Один весьма близкий к высшим эшелонам власти политолог так прямо и сказал:
«Мы уже давно живем в условиях постмодерна. И от этого никуда не деться. С этим надо не просто мириться, в это надо встраиваться. Нынешний политический пиар должен режиссироваться в духе теории праздника Жака Дерриды, в духе бахтинской карнавальности. Как спектакль. Кто организовал спектакль, тот и кукловод, а кто не успел, станет марионеткой в чужом спектакле».
Неискушенная в циничных московских нравах Поклонская, видимо, была сочтена удобным объектом для поддержания должного градуса карнавальности. Вряд ли ее саму можно в этом винить.
Но искренность, силу характера и нежелание идти к кому-то на поклон, выглядящее в свете фамилии Натальи Владимировны каламбуром судьбы, сложно втиснуть в удобные внешним манипуляторам рамки – особенно если это настоящие искренность и сила.
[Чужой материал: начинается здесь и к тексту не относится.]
Lemma top_monomial_prod k (p : 'I_k -> {mpoly K[n]}) (c : 'I_k -> K)
    (M : 'I_k -> 'X_{1..n}) :
  (forall j, top_monomial (p j) (c j) (M j)) ->
  top_monomial (\prod_j p j) (\prod_j c j) (\sum_j M j)%MM.
Proof.
move=> h; elim/big_rec3: _ => [|j p' c' M' _ hp]; first exact: top_monomial1.
exact: top_monomialM.
Qed.

Lemma top_monomialX p c M e :
  top_monomial p c M -> top_monomial (p ^+ e) (c ^+ e) (M *+ e)%MM.
Proof.
move=> h; elim: e => [|e IH]; first by rewrite !expr0 mulm0n top_monomial1.
by rewrite !exprS mulmS; apply: top_monomialM.
Qed.

Lemma mcoeff_top_monomial p c M M' : top_monomial p c M -> (mdeg M <= mdeg M')%N ->
  p@_M' = c * (M == M')%:R.
Proof.
move=> h le; rewrite -(subrK (c *: 'X_[M]) p) mcoeffD mcoeffZ mcoeffX.
by rewrite memN_msupp_eq0 ?add0r //; apply: msize_mdeg_ge; apply: leq_trans h le.
Qed.

Lemma mcoeff0_Xn (j : 'I_n) (N : nat) :
  (0 < N)%N -> ('X_j ^+ N : {mpoly K[n]})@_0%MM = 0.
Proof.
move=> N0; rewrite mpolyXn mcoeffX; case: eqP => // /(congr1 mdeg).
by rewrite mdegMn mdeg1 mul1n mdeg0 => N0'; rewrite N0' in N0.
Qed.

Lemma top_monomial_perturb p c (j : 'I_n) (N : nat) :
  (msize p <= N)%N -> top_monomial (p + c *: 'X_j ^+ N) c (U_(j) *+ N)%MM.
Proof. by move=> h; rewrite /top_monomial mpolyXn addrK mdegMn mdeg1 mul1n. Qed.

End TopMonomial.

Lemma mnm_neq0 n (m : 'X_{1..n}) : m != 0%MM -> exists i, m i != 0%N.
Proof.
move=> m0; apply/existsP; apply: contraNT m0 => /existsPn m_eq0.
by apply/eqP/mnmP => i; rewrite mnm0E; apply/eqP/negPn/m_eq0.
Qed.

Lemma seq_argmax (T : eqType) (s : seq T) (W : T -> nat) x0 :
  x0 \in s -> exists2 x, x \in s & forall y, y \in s -> (W y <= W x)%N.
Proof.
elim: s x0 => [//|a [|b s] IH] x0 _.
  by exists a; rewrite ?mem_seq1 // => y; rewrite mem_seq1 => /eqP ->.
have [x xs Hx] := IH b (mem_head _ _).
have [le_ax|lt_xa] := leqP (W a) (W x).
  exists x; first by rewrite in_cons xs orbT.
  by move=> y; rewrite in_cons => /predU1P[->|/Hx].
exists a; first exact: mem_head.
by move=> y; rewrite in_cons => /predU1P[->//|/Hx/leq_trans]; apply; apply: ltnW.
Qed.

Section Perturbation.
Variables (K : idomainType) (k n : nat).
Variables (tau : 'I_k -> 'I_n) (N : 'I_k -> nat) (t : 'I_k -> K)
  (R : 'I_k -> {mpoly K[n]}).
Hypotheses (tau_inj : injective tau) (N_gt0 : forall j, (0 < N j)%N)
  (t_neq0 : forall j, t j != 0) (msize_R : forall j, (msize (R j) <= N j)%N).

Definition perturb_tuple : k.-tuple {mpoly K[n]} :=
  [tuple R j + t j *: 'X_(tau j) ^+ N j | j < k].

Definition perturb_mnm (m : 'X_{1..k}) : 'X_{1..n} :=
  (\sum_(j < k) (U_(tau j) *+ N j) *+ m j)%MM.

Lemma perturb_mnmE m j : perturb_mnm m (tau j) = (N j * m j)%N.
Proof.
rewrite /perturb_mnm mnm_sumE (bigD1 j) //= big1 ?addn0.
  by rewrite !mulmnE mnm1E eqxx mul1n mulnC.
by move=> j' /negbTE hj; rewrite !mulmnE mnm1E (inj_eq tau_inj) hj.
Qed.

Lemma perturb_mnm_inj : injective perturb_mnm.
Proof.
move=> m1 m2 h; apply/mnmP => j; apply/eqP.
by rewrite -(eqn_pmul2l (N_gt0 j)) -!perturb_mnmE h.
Qed.

Lemma top_monomial_perturb_comp (m : 'X_{1..k}) :
  top_monomial ('X_[m] \mPo perturb_tuple) (\prod_(j < k) t j ^+ m j) (perturb_mnm m).
Proof.
rewrite comp_mpolyX; apply: top_monomial_prod => j.
by rewrite tnth_mktuple; apply/top_monomialX/top_monomial_perturb.
Qed.

(* The monomial of P whose image under [perturb_mnm] has the largest degree
   survives the substitution. *)
Lemma mcoeff_comp_perturb (P : {mpoly K[k]}) : P != 0 -> P@_0%MM = 0 ->
  exists2 M : 'X_{1..n}, exists j, M (tau j) != 0%N & (P \mPo perturb_tuple)@_M != 0.
Proof.
move=> P_neq0 P0.
have [ms msP ms_max] := seq_argmax (fun m => mdeg (perturb_mnm m)) (mlead_supp P_neq0).
exists (perturb_mnm ms).
  have /mnm_neq0 [j msj] : ms != 0%MM.
    by apply: contraTneq msP => ->; rewrite mcoeff_msupp P0 eqxx.
  by exists j; rewrite perturb_mnmE muln_eq0 negb_or msj -lt0n N_gt0.
have top m := mcoeff_top_monomial (top_monomial_perturb_comp m).
rewrite comp_mpolyEX raddf_sum /= (bigD1_seq ms) ?msupp_uniq //= big1_seq ?addr0.
  rewrite mcoeffZ top // eqxx mulr1 mulf_neq0 -?mcoeff_msupp //.
  by apply/prodf_neq0 => j _; rewrite expf_neq0.
move=> m /andP[m_ms mP]; rewrite mcoeffZ top ?ms_max //.
by rewrite (inj_eq perturb_mnm_inj) (negbTE m_ms) !mulr0.
Qed.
3 июля Наталья Владимировна с лихвой отыгралась за все попытки использовать ее репутационный капитал в сомнительных целях. А дело было так. ГосДуму посетила делегация американских конгрессменов, причем один из ее членов значится в санкционных списках, но все равно получил разрешение на въезд в Россию в качестве «жеста доброй воли». Гости вышли на балкон посреди заседания, которое было немедленно прервано, а депутаты вскочили с мест и приветствовали заокеанских коллег бурными продолжительными аплодисментами, переходящими в овацию.
Американцы, в свою очередь, смотрели на происходящее с выражением лица то ли посетителей зоопарка, то ли хозяев поместья, прикативших из города глянуть, как там себя ведет их крепостная челядь.
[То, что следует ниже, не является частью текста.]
(* Let $K$ be a simplicial complex and let $\overrightarrow{W}$ be a Morse sequence on $K$. Then there exists exactly one reference map for $\overrightarrow{W}$ and exactly one coreference map for $\overrightarrow{W}$.
   Context: A simplicial complex $K$ is a finite collection of non-empty finite sets such that every non-empty subset of a member of $K$ is also in $K$; its members are called simplices (or faces), $\dim\sigma=|\sigma|-1$, $K^{(p)}$ denotes the set of $p$-dimensional simplices, and a facet is a simplex maximal for inclusion. A pair $(\sigma,\tau)$ of simplices of $K$ with $\sigma\subsetneq\tau$ is a free pair for $K$ if $\tau$ is the only simplex of $K$ other than $\sigma$ that contains $\sigma$ (so $\tau$ is a facet and $\dim\tau=\dim\sigma+1$); then $K$ is an elementary expansion of $K\setminus\{\sigma,\tau\}$. If $\nu$ is a facet of $K$, then $K$ is an elementary filling of $K\setminus\{\nu\}$. A Morse sequence on $K$ is a sequence $\overrightarrow{W}=\langle \emptyset=K_0,K_1,\dots,K_k=K\rangle$ of simplicial complexes such that each $K_i$ is an elementary expansion or an elementary filling of $K_{i-1}$. If $K_i=K_{i-1}\cup\{\nu\}$ is a filling, $\nu$ is called critical; if $K_i=K_{i-1}\cup\{\sigma,\tau\}$ is an expansion with $\sigma\subset\tau$, then $(\sigma,\tau)$ is a regular pair, $\sigma$ is lower regular and $\tau$ is upper regular. Let $\widehat{W}$ be the set of critical simplices. Chains mod 2: $K[p]$ is the set of all subsets of $K^{(p)}$, a vector space over $\mathbb{Z}_2$ with symmetric difference as addition, the empty chain written $0$; $\widehat{W}[p]=\{c\in K[p]: c\subseteq \widehat W\}$. For $\sigma\in K^{(p)}$, $\partial(\sigma)=\{\tau\in K^{(p-1)}:\tau\subset\sigma\}$ and $\delta(\sigma)=\{\tau\in K^{(p+1)}:\sigma\subset\tau\}$. A frame on $\overrightarrow{W}$ is a map $\Upsilon$ assigning to each $\nu\in K^{(p)}$ an element $\Upsilon(\nu)\in\widehat W[p]$; it is extended linearly to chains by $\Upsilon(c)=\sum_{\nu\in c}\Upsilon(\nu)$ (sum mod 2). A frame $\curlywedge$ is a reference map for $\overrightarrow{W}$ if $\curlywedge(\nu)=\{\nu\}$ for every critical $\nu$ and, for every upper regular $\tau$, $\curlywedge(\tau)=0$ and $\curlywedge(\partial(\tau))=0$. A frame $\curlyvee$ is a coreference map for $\overrightarrow{W}$ if $\curlyvee(\nu)=\{\nu\}$ for every critical $\nu$ and, for every lower regular $\sigma$, $\curlyvee(\sigma)=0$ and $\curlyvee(\delta(\sigma))=0$. *)

From mathcomp Require Import all_boot.
Set Implicit Arguments. Unset Strict Implicit. Unset Printing Implicit Defensive.

Section Morse.
Variable V : finType.

Notation simplex := {set V}.
Notation cplx := {set {set V}}.

Definition is_complex (K : cplx) : Prop :=
  (forall s : simplex, s \in K -> s != set0) /\
  (forall s t : simplex, t \in K -> s \subset t -> s != set0 -> s \in K).

(* Fill nu  = inl nu      : elementary filling by the facet nu
   Exp s t  = inr (s, t)  : elementary expansion by the free pair (s, t) *)
Definition step : Type := (simplex + (simplex * simplex))%type.
Definition Fill (nu : simplex) : step := inl nu.
Definition Exp (s t : simplex) : step := inr (s, t).

Definition step_add (L : cplx) (st : step) : cplx :=
  match st with
  | inl nu => nu |: L
  | inr (s, t) => s |: (t |: L)
  end.

Definition elem_step (L : cplx) (st : step) : Prop :=
  match st with
  | inl nu =>
      is_complex (nu |: L) /\ nu \notin L /\
      (forall x, x \in nu |: L -> nu \subset x -> x = nu)
  | inr (s, t) =>
      is_complex (s |: (t |: L)) /\ s \notin L /\ t \notin L /\
      s \proper t /\
      (forall x, x \in s |: (t |: L) -> s \subset x -> x = s \/ x = t)
  end.

Fixpoint morse_from (L : cplx) (w : seq step) : Prop :=
  match w with
  | [::] => True
  | st :: w' => elem_step L st /\ morse_from (step_add L st) w'
  end.

Definition morse_sequence (K : cplx) (w : seq step) : Prop :=
  morse_from set0 w /\ foldl step_add set0 w = K.

Definition critical (w : seq step) (nu : simplex) : Prop := Fill nu \in w.
Definition critical_set (w : seq step) : cplx := [set nu | Fill nu \in w].
Definition lower_regular (w : seq step) (s : simplex) : Prop :=
  exists t, Exp s t \in w.
Definition upper_regular (w : seq step) (t : simplex) : Prop :=
  exists s, Exp s t \in w.

(* Chains mod 2 are sets of simplices; addition is symmetric difference. *)
Definition symdiff (A B : cplx) : cplx := (A :\: B) :|: (B :\: A).

Definition bdry (K : cplx) (s : simplex) : cplx :=
  [set x in K | (x \subset s) && (#|x| == #|s| - 1)].
Definition cobdry (K : cplx) (s : simplex) : cplx :=
  [set x in K | (s \subset x) && (#|x| == #|s| + 1)].

Definition frame_ext (U : simplex -> cplx) (c : cplx) : cplx :=
  \big[symdiff/set0]_(nu in c) U nu.

Definition is_frame (K : cplx) (w : seq step) (U : simplex -> cplx) : Prop :=
  forall nu, nu \in K ->
    U nu \subset [set c in critical_set w | #|c| == #|nu|].

Definition is_reference_map (K : cplx) (w : seq step) (U : simplex -> cplx) : Prop :=
  is_frame K w U /\
  (forall nu, nu \in K -> critical w nu -> U nu = [set nu]) /\
  (forall t, t \in K -> upper_regular w t ->
     U t = set0 /\ frame_ext U (bdry K t) = set0).

Definition is_coreference_map (K : cplx) (w : seq step) (U : simplex -> cplx) : Prop :=
  is_frame K w U /\
  (forall nu, nu \in K -> critical w nu -> U nu = [set nu]) /\
  (forall s, s \in K -> lower_regular w s ->
     U s = set0 /\ frame_ext U (cobdry K s) = set0).

End Morse.

(* Order the simplices of K by the step of the Morse sequence that adds them.
   The defining conditions of a (co)reference map then form a triangular system:
   a critical simplex goes to itself, one simplex of each regular pair (s, t)
   goes to 0, and the vanishing of the frame on the (co)boundary of that
   simplex forces the image of its partner.  For a reference map, s is forced
   by the image of the boundary of t minus s, which consists of earlier
   simplices; for a coreference map, t is forced by the image of the coboundary
   of s minus t, which consists of later simplices.  A triangular system has
   exactly one solution, and this solution is a frame because every simplex
   involved in forcing has the dimension of the forced one. *)
From HB Require Import structures.
From mathcomp Require Import all_boot.
Set Implicit Arguments. Unset Strict Implicit. Unset Printing Implicit Defensive.

Section Chains.
Variable V : finType.
Implicit Types A B c : {set {set V}}.

Lemma symdiffA : associative (@symdiff V).
Proof.
move=> A B C; apply/setP=> x; rewrite /symdiff !inE.
by case: (x \in A); case: (x \in B); case: (x \in C).
Qed.

Lemma symdiffC : commutative (@symdiff V).
Proof.
by move=> A B; apply/setP=> x; rewrite /symdiff !inE; case: (x \in A); case: (x \in B).
Qed.

Lemma set0_symdiff : left_id set0 (@symdiff V).
Proof. by move=> A; apply/setP=> x; rewrite /symdiff !inE; case: (x \in A). Qed.

HB.instance Definition _ :=
  Monoid.isComLaw.Build {set {set V}} set0 (@symdiff V) symdiffA symdiffC set0_symdiff.

Lemma symdiff_eq0 A B : symdiff A B = set0 <-> A = B.
Proof.
split=> [/setP eqAB | ->]; apply/setP=> x; last by rewrite /symdiff !inE; case: (x \in B).
by move: (eqAB x); rewrite /symdiff !inE; case: (x \in A); case: (x \in B).
Qed.

Lemma eq_frame_ext (U1 U2 : {set V} -> {set {set V}}) c :
  {in c, U1 =1 U2} -> frame_ext U1 c = frame_ext U2 c.
Proof. exact: eq_bigr. Qed.

Lemma frame_ext_sub (U : {set V} -> {set {set V}}) c A :
  {in c, forall x, U x \subset A} -> frame_ext U c \subset A.
Proof.
move=> UA; rewrite /frame_ext; elim/big_rec: _ => [|x X /UA UxA XA]; first exact: sub0set.
by apply/subsetP=> y; rewrite /symdiff !inE => /orP[]/andP[_ y_in];
  [apply: (subsetP UxA) | apply: (subsetP XA)].
Qed.

Lemma frame_ext_eq0D1 (U : {set V} -> {set {set V}}) c x : x \in c ->
  frame_ext U c = set0 <-> U x = frame_ext U (c :\ x).
Proof. by move=> xc; rewrite /frame_ext (big_setD1 _ xc); apply: symdiff_eq0. Qed.

End Chains.

Section RankedFixpoint.
Variables (T : finType) (R : Type) (D : {set T}) (rk : T -> nat).

Lemma rank_ind (P : T -> Prop) :
  (forall x, x \in D -> (forall y, y \in D -> rk y < rk x -> P y) -> P x) ->
  {in D, forall x, P x}.
Proof.
move=> IH x; have [n] := ubnP (rk x); elim: n x => // n IHn x ltxn xD.
by apply: (IH _ xD) => y yD ltyx; apply: IHn yD; rewrite (leq_trans ltyx) // -ltnS.
Qed.

Variable F : (T -> R) -> T -> R.
Hypothesis F_local : forall U1 U2 x,
  (forall y, y \in D -> rk y < rk x -> U1 y = U2 y) -> F U1 x = F U2 x.

Definition fixpoint_in (U : T -> R) := {in D, forall x, U x = F U x}.

Lemma fixpoint_in_unique U1 U2 : fixpoint_in U1 -> fixpoint_in U2 -> {in D, U1 =1 U2}.
Proof.
by move=> fix1 fix2; apply: rank_ind => x xD IH; rewrite fix1 // fix2 //; apply: F_local.
Qed.

Lemma iter_stable u0 n : {in D, forall x, rk x < n ->
  forall k, iter (k + n) F u0 x = iter n F u0 x}.
Proof.
elim: n => // n IHn x xD ltxn k; rewrite addnS /=.
by apply: F_local => y yD ltyx; apply: IHn; rewrite // (leq_trans ltyx) // -ltnS.
Qed.

Lemma fixpoint_in_exists (u0 : T -> R) : exists U, fixpoint_in U.
Proof.
pose n := \max_(x in D) (rk x).+1; exists (iter n F u0) => x xD.
rewrite -[LHS](iter_stable u0 xD _ 1) //.
exact: (leq_bigmax_cond (F := fun y => (rk y).+1)).
Qed.

End RankedFixpoint.

Section MatchedFrames.
Variables (V : finType) (K : {set {set V}}) (w : seq (step V)).
Variables (N : {set V} -> {set {set V}}) (mate : rel {set V}) (rk : {set V} -> nat).

Definition matched_map (U : {set V} -> {set {set V}}) : Prop :=
  is_frame K w U /\
  (forall nu, nu \in K -> critical w nu -> U nu = [set nu]) /\
  (forall z, z \in K -> (exists d, mate z d) -> U z = set0 /\ frame_ext U (N z) = set0).

(* [mate z d] encodes a regular pair whose member z is sent to 0 and whose
   other member d is forced by the vanishing of the frame on the chain [N z]. *)
Hypothesis mate_cover :
  {in K, forall x, [\/ Fill x \in w, exists d, mate x d | exists z, mate z x]}.
Hypothesis mate_uncritical : forall z d, mate z d -> Fill z \notin w /\ Fill d \notin w.
Hypothesis mate_no_chain : forall x d z, mate x d -> ~~ mate z x.
Hypothesis mate_inj : forall z1 z2 d, mate z1 d -> mate z2 d -> z1 = z2.
Hypothesis mate_mem : forall z d, mate z d -> z \in K /\ d \in N z.
Hypothesis mate_rank : forall z d y, mate z d -> y \in N z ->
  [/\ y \in K, #|y| = #|d| & y != d -> rk y < rk d].

Definition matched_rec (U : {set V} -> {set {set V}}) x :=
  if Fill x \in w then [set x]
  else if [pick z | mate z x] is Some z then frame_ext U (N z :\ x) else set0.

Lemma matched_rec_local U1 U2 x :
  (forall y, y \in K -> rk y < rk x -> U1 y = U2 y) ->
  matched_rec U1 x = matched_rec U2 x.
Proof.
move=> eqU; rewrite /matched_rec; case: ifP => // _; case: pickP => // z zx.
apply: eq_frame_ext => y /setD1P[yx yN]; have [yK _ ltyx] := mate_rank zx yN.
exact: eqU yK (ltyx yx).
Qed.

Lemma matched_rec_forced U z d : mate z d -> matched_rec U d = frame_ext U (N z :\ d).
Proof.
move=> zd; have [_ /negbTE dw] := mate_uncritical zd; rewrite /matched_rec dw.
by case: pickP => [z' z'd | /(_ z)]; [rewrite (mate_inj z'd zd) | rewrite zd].
Qed.

Lemma matched_rec_zeroed U z d : mate z d -> matched_rec U z = set0.
Proof.
move=> zd; have [/negbTE zw _] := mate_uncritical zd; rewrite /matched_rec zw.
by case: pickP => // z' z'z; move: (mate_no_chain z' zd); rewrite z'z.
Qed.

Lemma matched_map_fixpoint U : matched_map U -> fixpoint_in K matched_rec U.
Proof.
move=> [_ [Ucrit Uzero]] x xK.
case: (mate_cover xK) => [xw | [d xd] | [z zx]].
- by rewrite /matched_rec xw Ucrit.
- by rewrite (matched_rec_zeroed _ xd); case: (Uzero _ xK (ex_intro _ d xd)).
- have [zK xN] := mate_mem zx; rewrite (matched_rec_forced _ zx).
  by apply/(frame_ext_eq0D1 _ xN); case: (Uzero _ zK (ex_intro _ x zx)).
Qed.

Lemma fixpoint_matched_map U : fixpoint_in K matched_rec U -> matched_map U.
Proof.
move=> fixU; split; [|split].
- apply: (rank_ind (rk := rk)) => x xK IH; rewrite fixU // /matched_rec.
  case: ifP => [xw | _]; first by rewrite sub1set !inE xw eqxx.
  case: pickP => [z zx | _]; last exact: sub0set.
  apply: frame_ext_sub => y /setD1P[yx yN]; have [yK <- ltyx] := mate_rank zx yN.
  exact: IH yK (ltyx yx).
- by move=> nu nuK nuw; rewrite fixU // /matched_rec nuw.
- move=> z zK [d zd]; rewrite fixU // (matched_rec_zeroed _ zd); split=> //.
  have [_ dN] := mate_mem zd; have [dK _ _] := mate_rank zd dN.
  by apply/(frame_ext_eq0D1 _ dN); rewrite fixU // (matched_rec_forced _ zd).
Qed.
Не знаю, заметили ли они, что один депутат не только не встал, но и демонстративно отвернулся от балкона. Это была как раз Поклонская.
Словосочетание «низкопоклонство перед Западом» — оно ведь родилось отнюдь не при Сталине, а в почвенническо-славянофильских кругах полтора с лишним столетия назад и описывало ситуацию, уже тогда имевшую примерно аналогичный возраст. С тех пор это низкопоклонство то шло на убыль в моменты расцвета нашей государственности, то возрастало в моменты ее кризисов, но никогда не исчезало полностью.
Сейчас, кажется, оно достигло своего пика. Причем это касается отнюдь не всего общества – статистическое большинство относится к коллективному Западу, пожалуй, наименее приязненно за всю современную историю. Но вот чиновничье-бюрократический аппарат и вообще политический класс лебезят перед «уважаемыми партнерами» чуть ли не сильнее, чем оппозиционные либеральные нигилисты.
Это выглядит особо удивительно с учетом того, что партнеры испытывают ровно противоположные чувства и совершенно этого не скрывают.
Но откровенно презрительный взгляд Запада, вроде того, что бросали с думского балкона в зал заезжие конгрессмены, чиновников и депутатов не смущает. Так как повод для нашего невеселого разговора связан конкретно с парламентариями, приведу лишь несколько свежих примеров из их политической жизни.
ФИФА запретила Юлии Чичериной выступать на фестивале болельщиков в рамках ЧМ из-за ее поддержки Донбасса. Позиционирующая себя как национал-патриотическая фракция ЛДПР устами одного из своих руководителей, Игоря Лебедева, горячо поддержала это решение:
«Зачем мы навязываем сложный политический вопрос, из-за которого в мире идет противостояние, из-за которого наложили санкции, которыми не довольны все остальные. Что мы сами себе-то пытаемся сделать хуже? Зачем там Донбасс и Юлия Чичерина?».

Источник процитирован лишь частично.